--- Data supplied Enclosed Below ---

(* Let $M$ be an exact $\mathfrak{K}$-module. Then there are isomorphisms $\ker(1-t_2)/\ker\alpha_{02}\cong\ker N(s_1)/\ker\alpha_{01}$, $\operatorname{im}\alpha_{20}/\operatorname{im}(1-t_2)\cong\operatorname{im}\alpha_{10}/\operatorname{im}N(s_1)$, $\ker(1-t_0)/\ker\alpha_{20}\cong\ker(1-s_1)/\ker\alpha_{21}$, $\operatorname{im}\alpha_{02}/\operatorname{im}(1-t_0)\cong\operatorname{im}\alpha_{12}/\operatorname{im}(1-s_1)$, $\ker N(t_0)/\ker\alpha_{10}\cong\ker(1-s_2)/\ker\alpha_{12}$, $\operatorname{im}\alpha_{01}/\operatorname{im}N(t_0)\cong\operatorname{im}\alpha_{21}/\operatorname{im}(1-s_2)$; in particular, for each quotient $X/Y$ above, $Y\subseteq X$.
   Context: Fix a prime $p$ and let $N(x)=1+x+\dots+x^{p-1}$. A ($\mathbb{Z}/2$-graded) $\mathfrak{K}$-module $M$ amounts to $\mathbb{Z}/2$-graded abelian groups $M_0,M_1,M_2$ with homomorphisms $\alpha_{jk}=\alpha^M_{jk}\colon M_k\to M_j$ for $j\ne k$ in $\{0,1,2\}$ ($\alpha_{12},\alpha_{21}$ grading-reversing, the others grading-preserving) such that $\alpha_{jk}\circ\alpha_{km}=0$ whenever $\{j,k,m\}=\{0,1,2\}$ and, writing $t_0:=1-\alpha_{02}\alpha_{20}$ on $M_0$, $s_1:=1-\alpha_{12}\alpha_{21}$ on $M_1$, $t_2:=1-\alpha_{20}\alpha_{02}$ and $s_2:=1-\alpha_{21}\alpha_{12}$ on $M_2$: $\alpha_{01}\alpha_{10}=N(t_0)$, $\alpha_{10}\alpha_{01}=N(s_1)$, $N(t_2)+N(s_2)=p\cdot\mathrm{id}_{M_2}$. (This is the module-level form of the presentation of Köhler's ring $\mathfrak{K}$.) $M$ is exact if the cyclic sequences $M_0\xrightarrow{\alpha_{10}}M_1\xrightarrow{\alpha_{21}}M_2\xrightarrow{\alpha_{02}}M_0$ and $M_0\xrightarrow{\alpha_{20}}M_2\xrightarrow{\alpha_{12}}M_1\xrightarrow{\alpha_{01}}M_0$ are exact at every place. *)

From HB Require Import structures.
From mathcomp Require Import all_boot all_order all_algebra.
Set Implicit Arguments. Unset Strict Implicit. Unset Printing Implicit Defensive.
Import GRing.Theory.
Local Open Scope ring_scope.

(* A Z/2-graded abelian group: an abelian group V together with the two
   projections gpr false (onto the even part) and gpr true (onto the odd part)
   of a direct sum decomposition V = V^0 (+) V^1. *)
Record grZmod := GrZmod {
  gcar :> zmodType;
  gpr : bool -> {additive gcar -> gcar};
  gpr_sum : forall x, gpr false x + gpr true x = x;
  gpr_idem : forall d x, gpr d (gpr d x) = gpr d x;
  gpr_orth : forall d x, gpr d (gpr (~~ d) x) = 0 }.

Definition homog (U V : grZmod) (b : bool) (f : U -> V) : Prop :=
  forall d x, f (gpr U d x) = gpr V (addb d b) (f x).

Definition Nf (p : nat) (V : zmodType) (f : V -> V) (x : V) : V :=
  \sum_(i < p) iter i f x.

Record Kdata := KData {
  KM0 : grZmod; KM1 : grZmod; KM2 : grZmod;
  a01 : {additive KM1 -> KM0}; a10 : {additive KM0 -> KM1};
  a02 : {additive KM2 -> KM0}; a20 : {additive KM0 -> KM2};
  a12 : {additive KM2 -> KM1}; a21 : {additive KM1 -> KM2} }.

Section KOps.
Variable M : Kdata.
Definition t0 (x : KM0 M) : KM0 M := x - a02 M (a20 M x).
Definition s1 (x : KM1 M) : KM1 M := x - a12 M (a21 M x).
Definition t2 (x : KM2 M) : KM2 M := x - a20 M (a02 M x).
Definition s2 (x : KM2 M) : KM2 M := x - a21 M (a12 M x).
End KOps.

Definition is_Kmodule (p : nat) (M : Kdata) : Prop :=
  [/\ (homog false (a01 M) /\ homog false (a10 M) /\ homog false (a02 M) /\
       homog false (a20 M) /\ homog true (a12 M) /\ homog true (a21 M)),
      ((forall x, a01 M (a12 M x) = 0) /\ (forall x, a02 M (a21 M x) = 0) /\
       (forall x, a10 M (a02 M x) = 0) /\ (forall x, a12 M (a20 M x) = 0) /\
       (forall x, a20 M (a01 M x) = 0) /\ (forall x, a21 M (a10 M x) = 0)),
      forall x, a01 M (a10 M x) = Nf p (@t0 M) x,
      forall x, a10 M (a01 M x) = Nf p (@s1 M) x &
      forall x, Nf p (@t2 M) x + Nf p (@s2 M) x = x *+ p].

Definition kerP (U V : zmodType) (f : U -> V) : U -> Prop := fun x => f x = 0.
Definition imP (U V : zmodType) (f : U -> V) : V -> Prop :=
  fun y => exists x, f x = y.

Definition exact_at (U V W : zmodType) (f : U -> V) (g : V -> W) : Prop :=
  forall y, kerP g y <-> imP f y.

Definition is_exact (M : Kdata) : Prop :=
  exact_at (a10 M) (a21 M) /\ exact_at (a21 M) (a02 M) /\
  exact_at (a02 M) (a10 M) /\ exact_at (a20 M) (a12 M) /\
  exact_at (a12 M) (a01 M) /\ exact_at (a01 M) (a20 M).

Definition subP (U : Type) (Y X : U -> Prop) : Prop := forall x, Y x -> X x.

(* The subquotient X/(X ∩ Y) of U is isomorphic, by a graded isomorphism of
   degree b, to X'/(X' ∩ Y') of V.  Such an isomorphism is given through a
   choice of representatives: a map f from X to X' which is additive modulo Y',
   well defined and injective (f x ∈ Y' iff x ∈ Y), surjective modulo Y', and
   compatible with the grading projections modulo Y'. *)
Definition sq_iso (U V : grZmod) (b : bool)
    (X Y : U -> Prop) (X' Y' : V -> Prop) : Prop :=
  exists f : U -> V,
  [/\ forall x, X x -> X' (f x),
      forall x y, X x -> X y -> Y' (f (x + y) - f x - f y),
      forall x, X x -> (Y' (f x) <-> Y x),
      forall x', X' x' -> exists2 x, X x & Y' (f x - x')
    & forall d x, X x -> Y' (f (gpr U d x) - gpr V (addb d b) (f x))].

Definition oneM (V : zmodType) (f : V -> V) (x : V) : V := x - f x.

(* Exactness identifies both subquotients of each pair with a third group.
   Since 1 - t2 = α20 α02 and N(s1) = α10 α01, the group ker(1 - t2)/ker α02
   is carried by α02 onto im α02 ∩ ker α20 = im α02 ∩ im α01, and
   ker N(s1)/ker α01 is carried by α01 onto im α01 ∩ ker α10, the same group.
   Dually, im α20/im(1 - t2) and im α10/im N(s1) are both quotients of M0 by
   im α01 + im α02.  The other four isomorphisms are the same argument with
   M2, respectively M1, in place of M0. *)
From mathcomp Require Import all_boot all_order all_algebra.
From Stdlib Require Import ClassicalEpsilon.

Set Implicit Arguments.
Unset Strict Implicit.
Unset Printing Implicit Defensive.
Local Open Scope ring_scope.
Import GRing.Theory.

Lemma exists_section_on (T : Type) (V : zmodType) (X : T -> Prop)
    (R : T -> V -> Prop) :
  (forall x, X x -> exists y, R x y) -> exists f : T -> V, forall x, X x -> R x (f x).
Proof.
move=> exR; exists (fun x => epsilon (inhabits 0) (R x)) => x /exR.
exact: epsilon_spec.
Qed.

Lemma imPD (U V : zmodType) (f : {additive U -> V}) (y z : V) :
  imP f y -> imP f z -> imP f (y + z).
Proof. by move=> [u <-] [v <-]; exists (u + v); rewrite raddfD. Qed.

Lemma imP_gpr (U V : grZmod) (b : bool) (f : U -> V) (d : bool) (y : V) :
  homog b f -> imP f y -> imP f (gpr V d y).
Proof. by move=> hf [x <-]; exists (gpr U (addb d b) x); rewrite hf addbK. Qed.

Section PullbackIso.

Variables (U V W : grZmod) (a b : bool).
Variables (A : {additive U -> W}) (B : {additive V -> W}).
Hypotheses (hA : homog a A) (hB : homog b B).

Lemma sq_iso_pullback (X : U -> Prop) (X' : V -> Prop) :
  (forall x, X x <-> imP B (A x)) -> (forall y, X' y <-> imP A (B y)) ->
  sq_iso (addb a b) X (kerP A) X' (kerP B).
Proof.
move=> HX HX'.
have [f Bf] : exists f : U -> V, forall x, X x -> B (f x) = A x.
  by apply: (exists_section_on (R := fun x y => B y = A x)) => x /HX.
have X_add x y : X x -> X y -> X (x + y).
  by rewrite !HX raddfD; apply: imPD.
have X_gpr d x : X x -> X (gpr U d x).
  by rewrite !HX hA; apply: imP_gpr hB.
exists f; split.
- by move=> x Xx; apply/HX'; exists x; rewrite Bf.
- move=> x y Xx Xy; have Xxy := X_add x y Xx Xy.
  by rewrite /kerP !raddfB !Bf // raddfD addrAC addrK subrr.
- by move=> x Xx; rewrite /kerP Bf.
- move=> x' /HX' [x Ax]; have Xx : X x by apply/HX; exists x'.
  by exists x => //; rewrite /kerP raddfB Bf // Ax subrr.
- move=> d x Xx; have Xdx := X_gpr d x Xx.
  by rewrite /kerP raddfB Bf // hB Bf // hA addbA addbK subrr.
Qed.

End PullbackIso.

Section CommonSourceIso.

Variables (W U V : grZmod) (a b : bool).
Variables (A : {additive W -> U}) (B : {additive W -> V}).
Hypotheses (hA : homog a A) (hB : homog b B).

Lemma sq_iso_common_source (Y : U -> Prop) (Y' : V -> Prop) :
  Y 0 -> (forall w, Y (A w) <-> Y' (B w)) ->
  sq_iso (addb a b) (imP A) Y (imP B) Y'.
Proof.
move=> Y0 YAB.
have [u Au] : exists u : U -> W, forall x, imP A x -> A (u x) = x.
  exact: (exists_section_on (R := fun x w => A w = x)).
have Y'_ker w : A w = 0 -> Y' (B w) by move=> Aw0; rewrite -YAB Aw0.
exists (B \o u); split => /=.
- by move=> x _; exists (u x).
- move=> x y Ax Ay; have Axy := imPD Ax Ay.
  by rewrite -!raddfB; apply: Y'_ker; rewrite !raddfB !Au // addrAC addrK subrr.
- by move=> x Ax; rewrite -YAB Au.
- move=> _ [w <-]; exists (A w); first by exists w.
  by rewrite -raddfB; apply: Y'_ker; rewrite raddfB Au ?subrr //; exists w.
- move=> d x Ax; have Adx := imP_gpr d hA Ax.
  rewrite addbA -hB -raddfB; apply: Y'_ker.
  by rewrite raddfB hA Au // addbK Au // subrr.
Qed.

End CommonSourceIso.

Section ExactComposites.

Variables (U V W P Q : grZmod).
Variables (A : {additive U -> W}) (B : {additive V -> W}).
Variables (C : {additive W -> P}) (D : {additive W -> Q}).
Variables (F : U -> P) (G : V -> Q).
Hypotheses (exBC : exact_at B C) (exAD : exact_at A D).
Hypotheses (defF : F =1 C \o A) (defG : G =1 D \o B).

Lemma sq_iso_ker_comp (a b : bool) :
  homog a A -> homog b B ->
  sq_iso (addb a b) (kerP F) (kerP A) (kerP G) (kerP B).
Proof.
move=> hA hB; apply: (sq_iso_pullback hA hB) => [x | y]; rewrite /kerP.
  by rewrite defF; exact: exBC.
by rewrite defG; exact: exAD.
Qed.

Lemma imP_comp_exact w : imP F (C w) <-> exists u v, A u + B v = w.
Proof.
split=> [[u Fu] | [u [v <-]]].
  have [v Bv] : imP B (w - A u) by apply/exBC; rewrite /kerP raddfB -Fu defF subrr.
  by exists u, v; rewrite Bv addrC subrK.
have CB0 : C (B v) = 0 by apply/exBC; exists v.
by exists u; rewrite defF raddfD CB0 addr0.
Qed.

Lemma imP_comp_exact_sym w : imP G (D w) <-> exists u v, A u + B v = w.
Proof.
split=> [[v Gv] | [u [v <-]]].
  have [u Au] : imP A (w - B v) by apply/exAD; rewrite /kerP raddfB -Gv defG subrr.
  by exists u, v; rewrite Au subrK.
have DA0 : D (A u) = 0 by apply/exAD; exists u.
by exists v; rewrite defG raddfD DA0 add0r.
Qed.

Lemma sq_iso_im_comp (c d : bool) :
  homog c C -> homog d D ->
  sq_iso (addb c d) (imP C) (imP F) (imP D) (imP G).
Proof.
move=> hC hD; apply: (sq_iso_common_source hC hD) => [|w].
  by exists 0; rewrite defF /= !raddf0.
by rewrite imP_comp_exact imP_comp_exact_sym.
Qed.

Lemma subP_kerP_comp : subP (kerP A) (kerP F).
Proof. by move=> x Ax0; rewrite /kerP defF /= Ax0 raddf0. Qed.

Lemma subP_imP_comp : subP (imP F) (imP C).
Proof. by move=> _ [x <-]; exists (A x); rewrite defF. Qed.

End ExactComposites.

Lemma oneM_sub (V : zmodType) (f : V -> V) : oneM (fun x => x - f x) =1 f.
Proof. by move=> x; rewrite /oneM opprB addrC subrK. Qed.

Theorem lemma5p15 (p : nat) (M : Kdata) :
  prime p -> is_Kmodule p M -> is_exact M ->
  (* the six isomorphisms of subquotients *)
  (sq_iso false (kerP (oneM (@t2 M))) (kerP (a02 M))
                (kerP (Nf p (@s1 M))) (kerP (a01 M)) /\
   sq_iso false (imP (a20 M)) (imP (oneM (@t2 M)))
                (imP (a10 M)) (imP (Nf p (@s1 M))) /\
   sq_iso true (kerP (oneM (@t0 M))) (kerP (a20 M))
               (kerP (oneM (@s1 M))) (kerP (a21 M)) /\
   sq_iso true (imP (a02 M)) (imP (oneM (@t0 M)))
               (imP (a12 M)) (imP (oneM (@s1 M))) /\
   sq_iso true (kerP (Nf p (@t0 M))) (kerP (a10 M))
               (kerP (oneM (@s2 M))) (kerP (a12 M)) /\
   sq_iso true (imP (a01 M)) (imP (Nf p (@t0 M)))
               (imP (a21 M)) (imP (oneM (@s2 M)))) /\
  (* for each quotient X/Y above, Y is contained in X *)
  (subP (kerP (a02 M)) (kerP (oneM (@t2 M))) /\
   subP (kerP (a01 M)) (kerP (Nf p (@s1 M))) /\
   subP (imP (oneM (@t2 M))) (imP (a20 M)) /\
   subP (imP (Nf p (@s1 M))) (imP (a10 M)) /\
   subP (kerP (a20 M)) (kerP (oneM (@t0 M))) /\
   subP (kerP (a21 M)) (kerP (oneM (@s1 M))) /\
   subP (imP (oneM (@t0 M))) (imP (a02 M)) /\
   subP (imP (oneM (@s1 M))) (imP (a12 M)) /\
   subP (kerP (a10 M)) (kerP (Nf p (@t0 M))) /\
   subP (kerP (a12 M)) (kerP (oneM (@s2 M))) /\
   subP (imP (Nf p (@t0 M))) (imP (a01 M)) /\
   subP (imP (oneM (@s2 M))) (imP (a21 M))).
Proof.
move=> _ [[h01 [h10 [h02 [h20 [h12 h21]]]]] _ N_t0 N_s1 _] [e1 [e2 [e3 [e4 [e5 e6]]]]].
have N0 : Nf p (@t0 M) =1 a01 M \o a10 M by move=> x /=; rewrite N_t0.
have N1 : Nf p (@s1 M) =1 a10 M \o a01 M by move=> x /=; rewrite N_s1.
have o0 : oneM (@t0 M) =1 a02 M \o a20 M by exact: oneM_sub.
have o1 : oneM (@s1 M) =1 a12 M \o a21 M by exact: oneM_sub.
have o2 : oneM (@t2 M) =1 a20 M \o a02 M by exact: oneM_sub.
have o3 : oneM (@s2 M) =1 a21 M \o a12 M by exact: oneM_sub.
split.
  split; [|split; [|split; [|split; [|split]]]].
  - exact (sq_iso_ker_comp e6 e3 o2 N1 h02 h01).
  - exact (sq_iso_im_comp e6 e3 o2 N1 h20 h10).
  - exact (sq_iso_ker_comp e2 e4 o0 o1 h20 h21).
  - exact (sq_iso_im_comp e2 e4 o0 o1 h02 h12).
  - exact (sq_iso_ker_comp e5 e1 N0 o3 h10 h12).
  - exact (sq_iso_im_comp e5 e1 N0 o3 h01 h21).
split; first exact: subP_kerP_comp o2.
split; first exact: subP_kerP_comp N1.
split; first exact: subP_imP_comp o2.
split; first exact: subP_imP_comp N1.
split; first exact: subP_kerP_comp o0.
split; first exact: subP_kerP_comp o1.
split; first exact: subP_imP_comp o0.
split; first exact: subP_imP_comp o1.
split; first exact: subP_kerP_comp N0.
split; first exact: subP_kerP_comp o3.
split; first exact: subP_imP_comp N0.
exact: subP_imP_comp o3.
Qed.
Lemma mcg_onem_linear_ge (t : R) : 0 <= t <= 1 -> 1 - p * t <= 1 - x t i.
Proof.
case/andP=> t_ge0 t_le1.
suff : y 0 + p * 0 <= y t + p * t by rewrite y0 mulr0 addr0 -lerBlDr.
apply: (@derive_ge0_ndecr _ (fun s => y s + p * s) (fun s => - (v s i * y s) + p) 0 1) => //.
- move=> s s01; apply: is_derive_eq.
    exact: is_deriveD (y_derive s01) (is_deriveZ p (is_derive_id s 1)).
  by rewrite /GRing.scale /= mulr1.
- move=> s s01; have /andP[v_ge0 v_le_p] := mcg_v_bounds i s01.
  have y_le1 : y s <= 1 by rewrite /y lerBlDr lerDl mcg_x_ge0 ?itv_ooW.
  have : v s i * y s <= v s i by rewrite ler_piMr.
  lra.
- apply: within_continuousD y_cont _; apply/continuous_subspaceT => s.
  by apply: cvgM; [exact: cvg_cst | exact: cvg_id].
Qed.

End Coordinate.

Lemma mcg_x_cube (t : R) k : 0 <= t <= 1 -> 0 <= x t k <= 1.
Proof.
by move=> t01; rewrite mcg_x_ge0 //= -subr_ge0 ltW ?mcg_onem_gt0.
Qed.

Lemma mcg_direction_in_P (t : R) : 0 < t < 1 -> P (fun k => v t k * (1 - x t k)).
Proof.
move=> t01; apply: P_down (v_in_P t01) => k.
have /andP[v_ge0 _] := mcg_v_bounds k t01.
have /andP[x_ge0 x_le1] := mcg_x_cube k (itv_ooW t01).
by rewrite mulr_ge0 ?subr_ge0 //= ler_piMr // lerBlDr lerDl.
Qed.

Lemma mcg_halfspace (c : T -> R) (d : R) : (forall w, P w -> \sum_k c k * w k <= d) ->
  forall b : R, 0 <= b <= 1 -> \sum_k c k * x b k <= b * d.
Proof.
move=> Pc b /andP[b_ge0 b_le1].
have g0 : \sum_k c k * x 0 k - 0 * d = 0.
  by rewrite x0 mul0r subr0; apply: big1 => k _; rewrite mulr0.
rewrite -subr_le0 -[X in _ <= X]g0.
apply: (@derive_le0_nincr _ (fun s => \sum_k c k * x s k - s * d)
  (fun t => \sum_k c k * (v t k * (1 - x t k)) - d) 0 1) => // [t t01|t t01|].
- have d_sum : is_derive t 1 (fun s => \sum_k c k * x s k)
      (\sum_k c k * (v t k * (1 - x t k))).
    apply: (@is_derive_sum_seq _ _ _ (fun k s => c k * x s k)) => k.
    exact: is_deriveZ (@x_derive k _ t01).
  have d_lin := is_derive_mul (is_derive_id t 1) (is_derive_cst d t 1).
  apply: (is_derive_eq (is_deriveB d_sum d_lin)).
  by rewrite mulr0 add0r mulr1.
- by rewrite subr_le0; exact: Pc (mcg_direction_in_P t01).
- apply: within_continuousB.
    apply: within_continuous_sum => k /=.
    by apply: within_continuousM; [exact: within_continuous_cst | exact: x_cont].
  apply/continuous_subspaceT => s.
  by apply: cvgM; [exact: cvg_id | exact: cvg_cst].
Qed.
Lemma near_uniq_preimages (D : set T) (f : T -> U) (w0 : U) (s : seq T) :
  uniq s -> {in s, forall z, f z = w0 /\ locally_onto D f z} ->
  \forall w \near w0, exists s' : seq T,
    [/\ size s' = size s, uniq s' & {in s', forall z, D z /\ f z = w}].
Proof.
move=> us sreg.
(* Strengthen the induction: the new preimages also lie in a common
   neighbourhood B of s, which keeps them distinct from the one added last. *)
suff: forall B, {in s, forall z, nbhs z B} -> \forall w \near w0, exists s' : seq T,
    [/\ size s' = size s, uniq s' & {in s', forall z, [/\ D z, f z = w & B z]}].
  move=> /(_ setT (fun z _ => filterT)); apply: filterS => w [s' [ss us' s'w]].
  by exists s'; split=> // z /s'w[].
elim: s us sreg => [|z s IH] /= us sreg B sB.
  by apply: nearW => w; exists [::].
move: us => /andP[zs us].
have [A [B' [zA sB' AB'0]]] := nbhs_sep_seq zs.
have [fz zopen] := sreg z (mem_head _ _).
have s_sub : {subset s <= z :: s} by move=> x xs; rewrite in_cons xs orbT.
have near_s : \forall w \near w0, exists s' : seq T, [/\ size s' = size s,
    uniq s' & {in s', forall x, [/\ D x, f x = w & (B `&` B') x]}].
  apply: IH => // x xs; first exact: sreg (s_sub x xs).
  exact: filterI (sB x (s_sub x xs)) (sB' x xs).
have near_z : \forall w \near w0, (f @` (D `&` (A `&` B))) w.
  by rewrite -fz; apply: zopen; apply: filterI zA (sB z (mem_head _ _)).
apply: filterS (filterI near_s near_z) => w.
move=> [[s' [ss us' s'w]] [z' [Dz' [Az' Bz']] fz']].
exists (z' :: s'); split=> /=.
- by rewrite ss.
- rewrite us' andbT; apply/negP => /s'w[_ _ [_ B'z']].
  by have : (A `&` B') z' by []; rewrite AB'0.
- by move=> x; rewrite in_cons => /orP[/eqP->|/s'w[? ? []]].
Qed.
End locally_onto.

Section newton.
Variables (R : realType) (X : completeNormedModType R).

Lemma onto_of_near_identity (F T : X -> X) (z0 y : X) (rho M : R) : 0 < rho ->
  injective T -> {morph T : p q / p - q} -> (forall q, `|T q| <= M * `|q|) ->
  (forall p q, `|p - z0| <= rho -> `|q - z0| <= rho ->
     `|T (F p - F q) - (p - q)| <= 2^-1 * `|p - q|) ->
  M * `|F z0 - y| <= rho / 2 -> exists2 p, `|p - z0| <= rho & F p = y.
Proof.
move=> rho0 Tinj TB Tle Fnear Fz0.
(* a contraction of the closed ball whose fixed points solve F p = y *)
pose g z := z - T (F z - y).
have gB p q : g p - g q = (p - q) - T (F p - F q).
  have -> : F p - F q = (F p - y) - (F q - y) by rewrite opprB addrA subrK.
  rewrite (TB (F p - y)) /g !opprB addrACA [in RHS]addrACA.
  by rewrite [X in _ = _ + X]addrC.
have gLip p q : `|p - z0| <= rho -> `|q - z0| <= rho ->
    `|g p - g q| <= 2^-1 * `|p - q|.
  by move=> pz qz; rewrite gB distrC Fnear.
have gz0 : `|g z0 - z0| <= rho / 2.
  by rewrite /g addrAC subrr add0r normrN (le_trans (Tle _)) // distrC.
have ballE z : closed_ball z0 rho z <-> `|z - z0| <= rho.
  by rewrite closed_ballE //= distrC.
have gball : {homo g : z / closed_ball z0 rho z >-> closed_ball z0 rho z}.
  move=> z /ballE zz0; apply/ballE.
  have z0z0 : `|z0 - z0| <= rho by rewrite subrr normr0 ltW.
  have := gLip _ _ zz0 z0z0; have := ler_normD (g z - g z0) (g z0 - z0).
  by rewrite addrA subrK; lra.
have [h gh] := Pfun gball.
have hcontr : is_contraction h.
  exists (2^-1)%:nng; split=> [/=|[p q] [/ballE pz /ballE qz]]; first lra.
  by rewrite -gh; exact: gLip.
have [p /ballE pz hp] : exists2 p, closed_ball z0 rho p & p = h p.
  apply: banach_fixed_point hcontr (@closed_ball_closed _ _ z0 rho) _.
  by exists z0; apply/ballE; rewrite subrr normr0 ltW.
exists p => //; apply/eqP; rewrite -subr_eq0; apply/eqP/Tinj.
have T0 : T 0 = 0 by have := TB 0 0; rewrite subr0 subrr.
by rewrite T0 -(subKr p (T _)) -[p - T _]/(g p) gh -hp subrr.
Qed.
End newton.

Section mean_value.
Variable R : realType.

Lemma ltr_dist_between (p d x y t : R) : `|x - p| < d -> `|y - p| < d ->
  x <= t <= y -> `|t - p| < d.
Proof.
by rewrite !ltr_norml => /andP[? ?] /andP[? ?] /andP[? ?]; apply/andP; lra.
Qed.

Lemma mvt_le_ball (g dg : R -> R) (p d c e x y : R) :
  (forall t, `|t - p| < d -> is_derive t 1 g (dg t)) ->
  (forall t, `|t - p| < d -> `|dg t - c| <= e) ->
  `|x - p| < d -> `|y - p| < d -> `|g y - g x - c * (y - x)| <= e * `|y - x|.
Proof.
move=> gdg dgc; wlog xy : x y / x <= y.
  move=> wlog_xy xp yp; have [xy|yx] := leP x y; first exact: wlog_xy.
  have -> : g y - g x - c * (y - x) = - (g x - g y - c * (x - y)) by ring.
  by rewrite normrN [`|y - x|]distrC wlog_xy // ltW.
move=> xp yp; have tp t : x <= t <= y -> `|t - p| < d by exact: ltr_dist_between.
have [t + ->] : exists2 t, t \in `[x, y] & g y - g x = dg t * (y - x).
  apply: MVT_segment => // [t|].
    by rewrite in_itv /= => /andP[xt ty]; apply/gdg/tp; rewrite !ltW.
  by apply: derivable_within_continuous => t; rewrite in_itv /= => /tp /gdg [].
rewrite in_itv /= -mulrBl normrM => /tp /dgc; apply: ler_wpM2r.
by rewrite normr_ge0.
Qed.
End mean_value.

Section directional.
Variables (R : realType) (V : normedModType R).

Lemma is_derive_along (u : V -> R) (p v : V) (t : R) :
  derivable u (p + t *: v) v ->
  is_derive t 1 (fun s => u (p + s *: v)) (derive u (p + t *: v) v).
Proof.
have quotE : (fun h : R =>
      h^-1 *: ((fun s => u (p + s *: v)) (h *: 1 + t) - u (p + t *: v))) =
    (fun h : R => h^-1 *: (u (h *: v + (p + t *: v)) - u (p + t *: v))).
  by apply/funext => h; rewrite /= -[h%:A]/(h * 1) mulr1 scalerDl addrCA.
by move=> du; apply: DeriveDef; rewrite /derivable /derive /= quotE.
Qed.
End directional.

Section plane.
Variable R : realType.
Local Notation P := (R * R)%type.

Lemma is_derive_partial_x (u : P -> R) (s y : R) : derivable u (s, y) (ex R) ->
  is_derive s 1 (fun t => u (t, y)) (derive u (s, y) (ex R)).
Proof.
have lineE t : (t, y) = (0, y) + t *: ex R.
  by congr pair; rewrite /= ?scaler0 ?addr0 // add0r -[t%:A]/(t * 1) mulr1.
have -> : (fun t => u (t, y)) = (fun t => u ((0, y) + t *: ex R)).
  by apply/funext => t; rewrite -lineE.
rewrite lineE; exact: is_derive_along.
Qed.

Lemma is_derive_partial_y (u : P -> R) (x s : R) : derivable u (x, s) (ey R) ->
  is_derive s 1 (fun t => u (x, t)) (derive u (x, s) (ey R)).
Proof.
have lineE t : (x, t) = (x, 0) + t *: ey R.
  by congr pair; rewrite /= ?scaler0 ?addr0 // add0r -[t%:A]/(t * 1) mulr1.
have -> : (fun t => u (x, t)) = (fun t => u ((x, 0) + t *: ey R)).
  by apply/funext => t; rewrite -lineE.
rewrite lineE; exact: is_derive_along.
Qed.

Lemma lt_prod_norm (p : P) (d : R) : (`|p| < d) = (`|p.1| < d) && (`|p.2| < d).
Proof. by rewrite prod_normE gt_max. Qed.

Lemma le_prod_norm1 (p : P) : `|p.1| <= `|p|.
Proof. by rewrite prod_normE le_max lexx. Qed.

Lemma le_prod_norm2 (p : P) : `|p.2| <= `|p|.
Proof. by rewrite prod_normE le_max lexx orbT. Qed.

--- End of Enclosed Data supplied ---

Problem requirements →
Return exactly the lines above from the line that has "(imP (a10 M)) (imP" through the line that has "have N0 : Nf", inclusive, and nothing else.

Solution to the exercise →
                (imP (a10 M)) (imP (Nf p (@s1 M))) /\
   sq_iso true (kerP (oneM (@t0 M))) (kerP (a20 M))
               (kerP (oneM (@s1 M))) (kerP (a21 M)) /\
   sq_iso true (imP (a02 M)) (imP (oneM (@t0 M)))
               (imP (a12 M)) (imP (oneM (@s1 M))) /\
   sq_iso true (kerP (Nf p (@t0 M))) (kerP (a10 M))
               (kerP (oneM (@s2 M))) (kerP (a12 M)) /\
   sq_iso true (imP (a01 M)) (imP (Nf p (@t0 M)))
               (imP (a21 M)) (imP (oneM (@s2 M)))) /\
  (* for each quotient X/Y above, Y is contained in X *)
  (subP (kerP (a02 M)) (kerP (oneM (@t2 M))) /\
   subP (kerP (a01 M)) (kerP (Nf p (@s1 M))) /\
   subP (imP (oneM (@t2 M))) (imP (a20 M)) /\
   subP (imP (Nf p (@s1 M))) (imP (a10 M)) /\
   subP (kerP (a20 M)) (kerP (oneM (@t0 M))) /\
   subP (kerP (a21 M)) (kerP (oneM (@s1 M))) /\
   subP (imP (oneM (@t0 M))) (imP (a02 M)) /\
   subP (imP (oneM (@s1 M))) (imP (a12 M)) /\
   subP (kerP (a10 M)) (kerP (Nf p (@t0 M))) /\
   subP (kerP (a12 M)) (kerP (oneM (@s2 M))) /\
   subP (imP (Nf p (@t0 M))) (imP (a01 M)) /\
   subP (imP (oneM (@s2 M))) (imP (a21 M))).
Proof.
move=> _ [[h01 [h10 [h02 [h20 [h12 h21]]]]] _ N_t0 N_s1 _] [e1 [e2 [e3 [e4 [e5 e6]]]]].
have N0 : Nf p (@t0 M) =1 a01 M \o a10 M by move=> x /=; rewrite N_t0.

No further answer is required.